Thea couldn’t help herself. She laughed. It occurred to her that in the little time she’d spent in Mitch’s company, she’d been doing quite a bit of that—at least when he wasn’t making her crazy. “I can talk to Regina, if you like,” she said. “Let her know you’re safe with me.”

Once Mitch got past the feeling that he’d been insulted, he was able to respond with a certain wryness in tone. “My suspicion is that would be like waving a red flag. I think if she sees you and Joel together, it will be enough. But thank you for the offer.” He paused and then plunged ahead. “Although it begs the question: Do I
want
to be safe from you?”

Thea’s head snapped up. “That’s a rhetorical question, right?”

“If you like.”

“I like.”

Mitch did not press. A shutter had closed over Thea’s green eyes, leaving them dark and expressionless. He stared at the crown of her head as she bent over the dishwasher rack again. “Don’t worry about that,” he said. “I have to run it anyway so there will be room for dinner dishes.”

“Sure. I didn’t realize.” She slid the top and bottom racks into place. “Where do you keep your detergent?”

Mitch opened the cupboard under the sink and got out the bottle. He filled the dispensers, closed the door, and put the detergent away. He ran water in the sink for about thirty seconds until it was hot before he told her to start the washer. Her response was as stiff as his words.

With the dishwasher door closed, the space between them seemed to have narrowed. Thea took a step backward and found herself squarely in a corner. “I have to go.” She didn’t move and neither did Mitch. “I never meant to spend the night.”

“So you said. Maybe I can talk to Joel. Let him know that three kids gave you all the protection you needed.”

The shutters over Thea’s eyes slipped and for just a moment she pleaded with him. “Don’t, Mitch.”

“It’s always been there, Thea, whether you admit it or not. Why not admit it?”

There seemed to be no way to respond to that without confirming exactly what she was trying to deny. “I’ll call you this week after I talk to Joel. We can decide then where we want—”

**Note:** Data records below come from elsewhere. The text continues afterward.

(* Let $A\subseteq\mathfrak{S}_n$ be Schur-positive and $\mathrm{cDes}$-invariant, and let $(m_\lambda)_{\lambda\vdash n}$ be nonnegative integers such that $\sum_{\pi\in A}\mathbf{x}^{\mathrm{Des}(\pi)}=\sum_{\lambda\vdash n}m_\lambda\sum_{T\in\mathrm{SYT}(\lambda)}\mathbf{x}^{\mathrm{Des}(T)}$. Then for every $0\le k<n$, $m_{(n-k,1^k)}=|\{a\in A:\mathrm{Des}(a)=[k]\}|$, where $[0]:=\emptyset$.
   Context: For $\pi\in\mathfrak{S}_n$ (one-line notation), $\mathrm{Des}(\pi)=\{i\in[n-1]:\pi(i)>\pi(i+1)\}$ and $\mathrm{cDes}(\pi)=\{i\in[n]:\pi(i)>\pi(i+1)\}$ with $\pi(n+1):=\pi(1)$. $\mathbf{x}^J=\prod_{i\in J}x_i$; $i+J=\{i+j\bmod n:j\in J\}\subseteq[n]$. $A$ is Schur-positive if $\sum_{\pi\in A}\mathcal{F}_{n,\mathrm{Des}(\pi)}$ is symmetric and Schur-nonnegative, where $\mathcal{F}_{n,D}=\sum x_{i_1}\cdots x_{i_n}$ over $i_1\le\cdots\le i_n$ with $i_j<i_{j+1}$ for $j\in D$ (for such $A$, nonnegative integers $m_\lambda$ as in the claim exist). $A$ is $\mathrm{cDes}$-invariant if there is a bijection $\psi:A\to A$ with $\mathrm{cDes}(\psi\pi)=1+\mathrm{cDes}(\pi)$. For $T\in\mathrm{SYT}(\lambda)$, $\mathrm{Des}(T)$ is the set of $i\in[n-1]$ with $i+1$ in a strictly lower row than $i$ (English notation); $(n-k,1^k)$ denotes the hook partition. *)

From HB Require Import structures.
From mathcomp Require Import all_boot all_order all_algebra all_fingroup.
From mathcomp Require Import mpoly.
Set Implicit Arguments. Unset Strict Implicit. Unset Printing Implicit Defensive.
Import GRing.Theory.
Local Open Scope ring_scope.

(* CONVENTION: [n] = {1,...,n} is represented by 'I_n via i <-> i+1.
   So a subset J of [n] is a {set 'I_n}; [k] = {1..k} is [set i : 'I_n | i < k];
   the successor i+1 mod n (with values in [n]) is ordS i. *)

Definition Des n (p : 'S_n) : {set 'I_n} :=
  [set i : 'I_n | (i.+1 < n)%N && (p (ordS i) < p i)%N].

Definition cDes n (p : 'S_n) : {set 'I_n} :=
  [set i : 'I_n | (p (ordS i) < p i)%N].

Definition shift1 n (J : {set 'I_n}) : {set 'I_n} := [set ordS j | j in J].

Definition initseg n (k : nat) : {set 'I_n} := [set i : 'I_n | (i < k)%N].

Definition xmon n (J : {set 'I_n}) : {mpoly int[n]} := \prod_(i in J) 'X_i.

(* Partitions of n: lambda_1 >= lambda_2 >= ... >= lambda_n >= 0 (padded with
   zeros; a partition of n has at most n parts, each <= n), summing to n. *)
Definition partition_of n (l : {ffun 'I_n -> 'I_n.+1}) : bool :=
  [forall i : 'I_n, forall j : 'I_n, (i <= j)%N ==> (l j <= l i)%N] &&
  (\sum_(i : 'I_n) (l i : nat) == n)%N.

Definition cells n (l : {ffun 'I_n -> 'I_n.+1}) :=
  {c : 'I_n * 'I_n | (c.2 < l c.1)%N}.

Definition crow n (l : {ffun 'I_n -> 'I_n.+1}) (a : cells l) : nat := (val a).1.
Definition ccol n (l : {ffun 'I_n -> 'I_n.+1}) (a : cells l) : nat := (val a).2.

Definition isSYT n (l : {ffun 'I_n -> 'I_n.+1}) (T : {ffun cells l -> 'I_n}) : bool :=
  injectiveb T && [forall i : 'I_n, exists a : cells l, T a == i] &&
  [forall a : cells l, forall b : cells l,
     ((crow a == crow b) && (ccol a < ccol b)%N ==> (T a < T b)%N) &&
     ((ccol a == ccol b) && (crow a < crow b)%N ==> (T a < T b)%N)].

(* Des(T) = { i in [n-1] : i+1 lies in a strictly lower row than i }
   (English notation: lower row = larger row index) *)
Definition DesT n (l : {ffun 'I_n -> 'I_n.+1}) (T : {ffun cells l -> 'I_n}) : {set 'I_n} :=
  [set i : 'I_n | (i.+1 < n)%N &&
     [exists a : cells l, exists b : cells l,
        [&& T a == i, (T b : nat) == i.+1 & (crow a < crow b)%N]]].

Definition isSSYT n N (l : {ffun 'I_n -> 'I_n.+1}) (T : {ffun cells l -> 'I_N}) : bool :=
  [forall a : cells l, forall b : cells l,
     ((crow a == crow b) && (ccol a < ccol b)%N ==> (T a <= T b)%N) &&
     ((ccol a == ccol b) && (crow a < crow b)%N ==> (T a < T b)%N)].

Definition schur n N (l : {ffun 'I_n -> 'I_n.+1}) : {mpoly int[N]} :=
  \sum_(T : {ffun cells l -> 'I_N} | isSSYT T) \prod_(a : cells l) 'X_(T a).

Definition fundF n N (D : {set 'I_n}) : {mpoly int[N]} :=
  \sum_(w : {ffun 'I_n -> 'I_N} |
          [forall j : 'I_n, (j.+1 < n)%N ==>
             ((w j <= w (ordS j))%N && ((j \in D) ==> (w j < w (ordS j))%N))])
     \prod_(j : 'I_n) 'X_(w j).

(* A quasisymmetric
   function is expressed via its restrictions to N variables, for all N. *)
Definition schur_positive n (A : {set 'S_n}) : Prop :=
  exists c : {ffun 'I_n -> 'I_n.+1} -> nat,
    forall N : nat,
      let Q := \sum_(p in A) fundF N (Des p) in
      Q \is symmetric /\
      Q = \sum_(l | partition_of l) (c l)%:R * schur N l.

Definition cDes_invariant n (A : {set 'S_n}) : Prop :=
  exists psi : 'S_n -> 'S_n,
    [/\ forall p, p \in A -> psi p \in A,
        {in A &, injective psi},
        forall s, s \in A -> exists2 p, p \in A & psi p = s
      & forall p, p \in A -> cDes (psi p) = shift1 (cDes p)].

Definition hook n (k : nat) : {ffun 'I_n -> 'I_n.+1} :=
  [ffun i : 'I_n => inord (if val i == 0%N then (n - k)%N
                           else if (val i <= k)%N then 1%N else 0%N)].

From HB Require Import structures.
From mathcomp Require Import all_boot all_order all_algebra all_fingroup.
From mathcomp Require Import mpoly.
From mathcomp Require Import zify.
Import GRing.Theory.

Set Implicit Arguments. Unset Strict Implicit. Unset Printing Implicit Defensive.

(* Compare the coefficients of x^[k] on both sides of the expansion: the left
   side counts the a in A with Des a = [k], the right side is the sum over l of
   m_l times the number of T in SYT(l) with Des T = [k].  In a standard Young
   tableau with descent set [k], induction on the entries forces 1, ..., k+1
   down the first column and k+2, ..., n along the first row: each entry is
   pinned down by its already placed upper and left neighbours and by whether
   its predecessor is a descent.  Hence l is the hook (n-k, 1^k) and the tableau
   is unique, so the right side is m_(n-k,1^k). *)

(* 0-based (row, column) of the entry j (the value j+1) in the standard tableau of
   hook shape with descent set [k]. *)
Definition hook_pos (k j : nat) : nat * nat :=
  if (j <= k)%N then (j, 0%N) else (0%N, (j - k)%N).

Lemma hook_posP k j x y : (x, y) = hook_pos k j <->
  ((j <= k)%N /\ x = j /\ y = 0%N) \/ ((k < j)%N /\ x = 0%N /\ y = (j - k)%N).
Proof.
rewrite /hook_pos; case: leqP => jk; split=> [[-> ->]|]; try lia.
  by case=> [[_ [-> ->]]|] //; lia.
by case=> [|[_ [-> ->]]] //; lia.
Qed.

Lemma hook_pos_inj k : injective (hook_pos k).
Proof.
move=> i j; rewrite /hook_pos.
by case: (leqP i k); case: (leqP j k) => jk ik [] => *; lia.
Qed.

One step closed the distance between them. Mitch placed his palms on either side of Thea’s shoulders, flat against the pantry cupboard at her back. He made no move to touch her, simply studying her face for some acknowledgment, no matter how fleeting, that he was not acting against her will. It came in the breathy little sigh and the sweet parting of her lips. Mitch bent his head and touched her mouth with his own.